Overall initial quality of vehicles sold in Chain averages 162 PP100 (problems per 100) in 2011. This is the lowest problem rate recorded since the inception of the study in 2000, according to J.D. Power Asia Pacific. Not surprisingly, models from Japanese brands, as a whole, have the lowest problem incidence in the China market in 2011 with an average of 108 PP100.
This year IQS has improved by an average of 6 PP100 from 2010. This is primarily because Korean brands improved by 42 PP100 from 2010. Initial quality of international brands, as a whole, has improved by 4 PP100 from 2010 to an average of 131 PP100 in 2011.

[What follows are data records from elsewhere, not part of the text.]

Lemma deriv_on_affine f e a b :
  deriv_on f (fun _ => e) a b -> forall t, a <= t <= b -> f t = f a + e * (t - a).
Proof.
  intros Hd t Ht.
  assert (Hline : deriv_on (fun t => e * (t - a)) (fun _ => e) a b)
    by (apply is_derive_deriv_on; intro; auto_derive; auto; ring).
  assert (H := deriv_on_minus _ _ _ _ _ _ Hd Hline).
  apply deriv_on_ext with (f'' := fun _ => 0) in H; [|intros; ring].
  assert (E := deriv_on_0_constant _ _ _ H t Ht). simpl in E. lra.
Qed.

Lemma partition_cover (ts : Z -> R) :
  (forall i, ts i < ts (i + 1)%Z) ->
  (forall M, exists N, forall i, (N <= i)%Z -> ts i > M) ->
  (forall M, exists N, forall i, (i <= N)%Z -> ts i < M) ->
  forall t, exists j, ts j <= t <= ts (j + 1)%Z.
Proof.
  intros Hinc Hp Hm t.
  destruct (Hp t) as [N1 H1], (Hm t) as [N2 H2].
  assert (K : forall n : nat, ts (N2 + Z.of_nat n)%Z > t -> exists j, ts j <= t <= ts (j + 1)%Z).
  { induction n as [|n IH]; intros Hn.
    - specialize (H2 N2 (Z.le_refl _)). rewrite Z.add_0_r in Hn. lra.
    - destruct (Rle_dec (ts (N2 + Z.of_nat n)%Z) t).
      + exists (N2 + Z.of_nat n)%Z.
        replace (N2 + Z.of_nat n + 1)%Z with (N2 + Z.of_nat (S n))%Z by lia. lra.
      + apply IH; lra. }
  apply (K (Z.to_nat (Z.max N1 N2 - N2))), H1; lia.
Qed.

Section Invariance.
Variables (Z : PSVF) (L : pt -> Prop).

Definition confined (sigma : R -> pt) (a b : R) : Prop :=
  forall t0, a <= t0 <= b -> L (sigma t0) -> forall t, a <= t <= b -> L (sigma t).

Lemma confined_cat sigma a s b :
  a <= s <= b -> confined sigma a s -> confined sigma s b -> confined sigma a b.
Proof.
  intros Hs H1 H2 t0 Ht0 HL t Ht.
  assert (Ls : L (sigma s)).
  { destruct (Rle_dec t0 s); [apply (H1 t0) | apply (H2 t0)]; auto; lra. }
  destruct (Rle_dec t s); [apply (H1 s) | apply (H2 s)]; auto; lra.
Qed.

Hypothesis confined_X : forall sigma a b, followsX Z sigma a b -> confined sigma a b.
Hypothesis confined_Y : forall sigma a b, followsY Z sigma a b -> confined sigma a b.
Hypothesis confined_T : forall sigma a b, followsT Z sigma a b -> confined sigma a b.

Lemma confined_any sigma a b : followsAny Z sigma a b -> confined sigma a b.
Proof. intros [H|[H|H]]; auto. Qed.

Lemma confined_local_trajectory sigma a b :
  local_trajectory Z sigma a b -> confined sigma a b.
Proof.
  intros [s [Hs H]]; cbv zeta in H.
  destruct H as [[_ H]|[[_ H]|[[_ [H1 H2]]|[[_ [H1 H2]]|[[_ [H1 H2]]|[[_ [H1 H2]]|
                 [[_ [H1 H2]]|[_ H]]]]]]]];
    try solve [auto | apply (confined_cat _ a s b Hs); auto using confined_any].
  intros t0 Ht0 HL t Ht. rewrite (H t Ht). now rewrite (H t0 Ht0) in HL.
Qed.

Theorem invariant_of_confined_flows : invariant Z L.
Proof.
  intros gamma [ts [sig [Hinc [Hp [Hm [Hloc [Hcat Hg]]]]]]] H0 t.
  set (piece_in i := forall s, ts i <= s <= ts (i + 1)%Z -> L (sig i s)).
  assert (G : forall i, confined (sig i) (ts i) (ts (i + 1)%Z))
    by (intro; apply confined_local_trajectory, Hloc).
  assert (Hnext : forall i, piece_in i -> piece_in (i + 1)%Z).
  { intros i Hi s Hs. assert (Hi1 := Hinc i). assert (Hi2 := Hinc (i + 1)%Z).
    apply (G _ (ts (i + 1)%Z)); [lra| |exact Hs].
    rewrite <- Hcat. apply Hi; lra. }
  assert (Hprev : forall i, piece_in (i + 1)%Z -> piece_in i).
  { intros i Hi s Hs. assert (Hi1 := Hinc i). assert (Hi2 := Hinc (i + 1)%Z).
    apply (G _ (ts (i + 1)%Z)); [lra| |exact Hs].
    rewrite Hcat. apply Hi; lra. }
  destruct (partition_cover ts Hinc Hp Hm 0) as [i0 Hi0].
  assert (Hall : forall n, piece_in (i0 + n)%Z).
  { apply Z.peano_ind.
    - rewrite Z.add_0_r. intros s Hs. apply (G i0 0 Hi0); [now rewrite <- Hg | exact Hs].
    - intros n Hn. rewrite <- Z.add_1_r, Z.add_assoc. now apply Hnext.
    - intros n Hn. apply Hprev. now replace (i0 + Z.pred n + 1)%Z with (i0 + n)%Z by lia. }
  destruct (partition_cover ts Hinc Hp Hm t) as [j Hj].
  rewrite (Hg j t Hj).
  replace j with (i0 + (j - i0))%Z by lia. apply Hall.
  now replace (i0 + (j - i0))%Z with j by lia.
Qed.

End Invariance.

Section GraphPair.
Variables (P g : R -> R) (D : R -> Prop).
Hypothesis P_deriv : forall x, is_derive P x (g x).
Hypothesis D_iff : forall x, D x <-> 0 <= P x.

Definition Zgraph : PSVF :=
  mkPSVF (fun p => (1, g (fst p))) (fun p => (-1, g (fst p))).

Definition graph_pair (p : pt) : Prop :=
  exists x, D x /\ (p = (x, P x) \/ p = (x, - P x)).

Lemma graph_pair_half e p :
  e = 1 \/ e = -1 -> 0 <= e * snd p -> (graph_pair p <-> snd p - e * P (fst p) = 0).
Proof.
  destruct p as [x y]; simpl; intros He Hy; split.
  - intros [x' [Hx [E|E]]]; injection E as <- ->; apply D_iff in Hx;
      destruct He as [->| ->]; lra.
  - intros E; exists x; split; [apply D_iff|];
      destruct He as [->| ->]; [lra | lra | left; f_equal; lra | right; f_equal; lra].
Qed.

Lemma first_integral e sigma a b :
  e = 1 \/ e = -1 -> integral_curve (fun p => (e, g (fst p))) sigma a b ->
  forall t, a <= t <= b ->
    snd (sigma t) - e * P (fst (sigma t)) = snd (sigma a) - e * P (fst (sigma a)).
Proof.
  intros He [Hx Hy]; simpl in Hx, Hy.
  set (x0 := fst (sigma a)).
  assert (Hline := deriv_on_affine _ _ _ _ Hx).
  assert (HP : deriv_on (fun t => e * P (x0 + e * (t - a))) (fun t => g (fst (sigma t))) a b).
  { apply deriv_on_ext with (f' := fun t => e * (e * g (x0 + e * (t - a)))).
    - apply is_derive_deriv_on; intro t.
      apply is_derive_scal, (is_derive_comp P (fun t => x0 + e * (t - a))); [apply P_deriv|].
      auto_derive; auto; ring.
    - intros t Ht. rewrite (Hline t Ht); fold x0. destruct He as [->| ->]; ring. }
  assert (H := deriv_on_minus _ _ _ _ _ _ Hy HP).
  apply deriv_on_ext with (f'' := fun _ => 0) in H; [|intros; ring].
  intros t Ht. rewrite (Hline t Ht); fold x0.
  rewrite (deriv_on_0_constant _ _ _ H t Ht), Rminus_diag, Rmult_0_r, Rplus_0_r.
  reflexivity.
Qed.

Lemma confined_half e sigma a b :
  e = 1 \/ e = -1 -> integral_curve (fun p => (e, g (fst p))) sigma a b ->
  (forall t, a <= t <= b -> 0 <= e * snd (sigma t)) -> confined graph_pair sigma a b.
Proof.
  intros He Hc Hs t0 Ht0 HL t Ht.
  apply (graph_pair_half e); auto.
  rewrite (first_integral e sigma a b He Hc t Ht).
  rewrite <- (first_integral e sigma a b He Hc t0 Ht0).
  now apply (graph_pair_half e); auto.
Qed.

In stark contrast, initial quality among models of Chinese domestic brands has declined in 2011. Problem incidence has increased by 8 PP100 from 2010 to 232 PP100. After narrowing during the past several years, the gap in initial quality between Chinese domestic brands and international brands has widened by 12 PP100 in 2011, compared with 2010 according to Power.

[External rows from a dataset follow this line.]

(* Consider the following single-NFT sale model. A creator with cost $c\ge 0$ chooses a mint price $p_0\ge 0$ and a royalty rate $r\in[0,1]$. The end-buyer's valuation is a nonnegative random variable $V$ with finite mean $\mu=\mathbb{E}[V]$, whose distribution (but not realization) is known to both the creator and a speculator at the time of purchase. The speculator is risk neutral ($\eta_s=0$) and buys the NFT at price $p_0$ if and only if $(1-r)\mu-p_0\ge 0$; if he buys, he later resells it to the end-buyer at the realized value $V$, and the creator's profit is $p_0+rV-c$. If the speculator does not buy, the creator offers the NFT to the end-buyer at price $p_0$, who buys iff $V\ge p_0$, so the creator's profit is $p_0\mathbb{1}_{\{V\ge p_0\}}-c$. The creator is risk neutral ($\eta_c=0$) and maximizes expected profit. Then every pair $(p_0^*,r^* )$ with $r^*\in[0,1]$, $p_0^*\ge 0$ and $p_0^*=\mu(1-r^* )$ maximizes the creator's expected profit, and the maximal expected profit equals $\mu-c$. *)

From HB Require Import structures.
From mathcomp Require Import all_boot all_order all_algebra.
From mathcomp Require Import all_classical all_reals all_analysis.
Set Implicit Arguments. Unset Strict Implicit. Unset Printing Implicit Defensive.
Import Order.TTheory GRing.Theory Num.Theory.
Local Open Scope ring_scope.

Definition speculator_buys {R : realType} (mu p0 r : R) : bool :=
  0 <= (1 - r) * mu - p0.

Definition creator_profit {d} {T : measurableType d} {R : realType}
  (V : T -> R) (mu c p0 r : R) : T -> R :=
  fun w => if speculator_buys mu p0 r then p0 + r * V w - c
           else p0 * ((p0 <= V w)%R : bool)%:R - c.

Definition expected_profit {d} {T : measurableType d} {R : realType}
  (P : probability T R) (V : T -> R) (mu c p0 r : R) : \bar R :=
  'E_P[creator_profit V mu c p0 r]%E.

From HB Require Import structures.
From mathcomp Require Import all_boot all_order all_algebra.
From mathcomp Require Import all_classical all_reals all_analysis.
From mathcomp Require Import measurable_realfun.
From mathcomp Require Import ring lra.
Import Order.TTheory GRing.Theory Num.Theory.
Local Open Scope ring_scope.

(* If the speculator buys, the creator earns [p + r E[V] - c], and buying means
   [p + r E[V] <= E[V]].  If he does not, the creator earns [p] exactly on
   [{p <= V}], so the realized revenue is pointwise at most [V].  Either way the
   expected profit is at most [E[V] - c], with equality at [p = (1 - r) E[V]],
   where the speculator is just willing to buy. *)

Lemma measurable_bool_natr (R : realType) :
  measurable_fun setT (fun b : bool => b%:R : R).
Proof. by move=> _ Y _; rewrite setTI; exact: I. Qed.

Section expectation_facts.
Context d (T : measurableType d) (R : realType) (P : probability T R).
Local Open Scope ereal_scope.

Lemma ge0_expectation_lty_Lfun1 (X : T -> R) :
  measurable_fun setT X -> (forall w, 0 <= X w)%R -> 'E_P[X] < +oo ->
  X \in Lfun P 1.
Proof.
move=> mX X_ge0 EX_lty; apply/Lfun1_integrable/integrableP.
split; first exact/measurable_EFinP.
under eq_integral => w _ do rewrite /= ger0_norm //.
by move: EX_lty; rewrite unlock.
Qed.

Lemma le_Lfun1 (X Y : T -> R) : measurable_fun setT X ->
  (forall w, `|X w| <= `|Y w|)%R -> Y \in Lfun P 1 -> X \in Lfun P 1.
Proof.
move=> mX XY /Lfun1_integrable Y_int; apply/Lfun1_integrable.
apply: le_integrable Y_int => //; first exact/measurable_EFinP.
by move=> w _; rewrite lee_fin.
Qed.

Lemma expectation_affine (X : T -> R) (a b : R) : X \in Lfun P 1 ->
  'E_P[fun w => a + b * X w]%R = a%:E + b%:E * 'E_P[X].
Proof.
move=> XL; have -> : (fun w => a + b * X w)%R = (cst a \+ b \o* X)%R.
  by apply: funext => w /=; rewrite mulrC.
rewrite expectationD ?Lfun_cst ?Lfun_scale //.
by rewrite expectationZl // expectation_cst.
Qed.

End expectation_facts.

Section creator_profit.
Context d (T : measurableType d) (R : realType) (P : probability T R).
Variables (V : T -> R) (mu : R).
Hypotheses (mV : measurable_fun setT V) (V_ge0 : forall w, 0 <= V w)
  (EV : 'E_P[V]%E = mu%:E).

Let V_Lfun1 : V \in Lfun P 1.
Proof. by apply: ge0_expectation_lty_Lfun1 => //; rewrite EV ltry. Qed.

Lemma expected_profit_buys (c p r : R) : speculator_buys mu p r ->
  expected_profit P V mu c p r = (p + r * mu - c)%:E.
Proof.
rewrite /expected_profit /creator_profit => ->.
have -> : (fun w => p + r * V w - c) = (fun w => (p - c) + r * V w).
  by apply: funext => w; ring.
by rewrite expectation_affine // EV -EFinM -EFinD; congr _%:E; ring.
Qed.

Definition primary_revenue (p : R) (w : T) : R := p * ((p <= V w)%R : bool)%:R.

Lemma measurable_primary_revenue (p : R) :
  measurable_fun setT (primary_revenue p).
Proof.
apply: measurable_funM => //.
apply: (measurableT_comp (measurable_bool_natr R)).
exact: measurable_fun_ler.
Qed.

Lemma primary_revenue_ge0 (p : R) (w : T) : 0 <= p -> 0 <= primary_revenue p w.
Proof. by move=> p_ge0; rewrite /primary_revenue mulr_ge0. Qed.

Lemma primary_revenue_le (p : R) (w : T) : primary_revenue p w <= V w.
Proof. by rewrite /primary_revenue; have [|] := leP p (V w); rewrite ?mulr1 ?mulr0. Qed.

Lemma expected_profit_not_buys (c p r : R) : 0 <= p -> ~~ speculator_buys mu p r ->
  (expected_profit P V mu c p r <= (mu - c)%:E)%E.
Proof.
move=> p_ge0; rewrite /expected_profit /creator_profit => /negbTE ->.
have revL : primary_revenue p \in Lfun P 1.
  apply: le_Lfun1 V_Lfun1; first exact: measurable_primary_revenue.
  move=> w; rewrite !ger0_norm ?primary_revenue_ge0 //.
  exact: primary_revenue_le.
rewrite -[fun w => _]/(primary_revenue p \- cst c)%R.
rewrite expectationB ?Lfun_cst // expectation_cst EFinB leeB // -EV.
apply: expectation_le => //; first exact: measurable_primary_revenue.
- by move=> w; exact: primary_revenue_ge0.
- by apply: aeW => w; exact: primary_revenue_le.
Qed.

Lemma expected_profit_le (c p r : R) : 0 <= p ->
  (expected_profit P V mu c p r <= (mu - c)%:E)%E.
Proof.
move=> p_ge0; have [buys|] := boolP (speculator_buys mu p r).
  by rewrite expected_profit_buys // lee_fin; move: buys; rewrite /speculator_buys; lra.
exact: expected_profit_not_buys.
Qed.

Lemma expected_profit_mint_at_resale_value (c r : R) :
  expected_profit P V mu c (mu * (1 - r)) r = (mu - c)%:E.
Proof.
rewrite expected_profit_buys; first by congr _%:E; ring.
by rewrite /speculator_buys mulrC subrr.
Qed.

End creator_profit.

Theorem theorem1 (d : measure_display) (T : measurableType d) (R : realType)
  (P : probability T R) (V : T -> R) (mu c : R)
  (mV : measurable_fun setT V) (V_ge0 : forall w, 0 <= V w)
  (Emu : 'E_P[V]%E = mu%:E) (c_ge0 : 0 <= c)
  (r0 p0 : R) (r0_ge0 : 0 <= r0) (r0_le1 : r0 <= 1) (p0_ge0 : 0 <= p0)
  (p0_def : p0 = mu * (1 - r0)) :
  (forall p r : R, 0 <= p -> 0 <= r -> r <= 1 ->
     (expected_profit P V mu c p r <= expected_profit P V mu c p0 r0)%E) /\
  expected_profit P V mu c p0 r0 = (mu - c)%:E.
Proof.
have optimal_value : expected_profit P V mu c p0 r0 = (mu - c)%:E.
  by rewrite p0_def expected_profit_mint_at_resale_value.
split=> // p r p_ge0 _ _; rewrite optimal_value.
exact: expected_profit_le.
Qed.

The study, in its 12th year, examines problems experienced by new-vehicle owners within the first two to six months of ownership. Vehicle problems are examined in two categories—quality of design and quality of production (defects and malfunctions). The overall initial quality score is determined by problems reported per 100 vehicles with a lower rate of problem incidence of course indicating higher quality.
“The most commonly reported issues by owners of Chinese domestic brands involve putting manual transmissions in gear,” said Chris Chen, automotive research manager at J.D. Power Asia Pacific, Shanghai. “Other problems that manufacturers need to work on are the engine losing power when the air conditioning is turned on and excessive fuel consumption.”
Models from Japanese manufacturers rank highest in seven of the 11 award segments. Models of Chinese domestic brands rank highest in the mini van and lower premium midsize segments.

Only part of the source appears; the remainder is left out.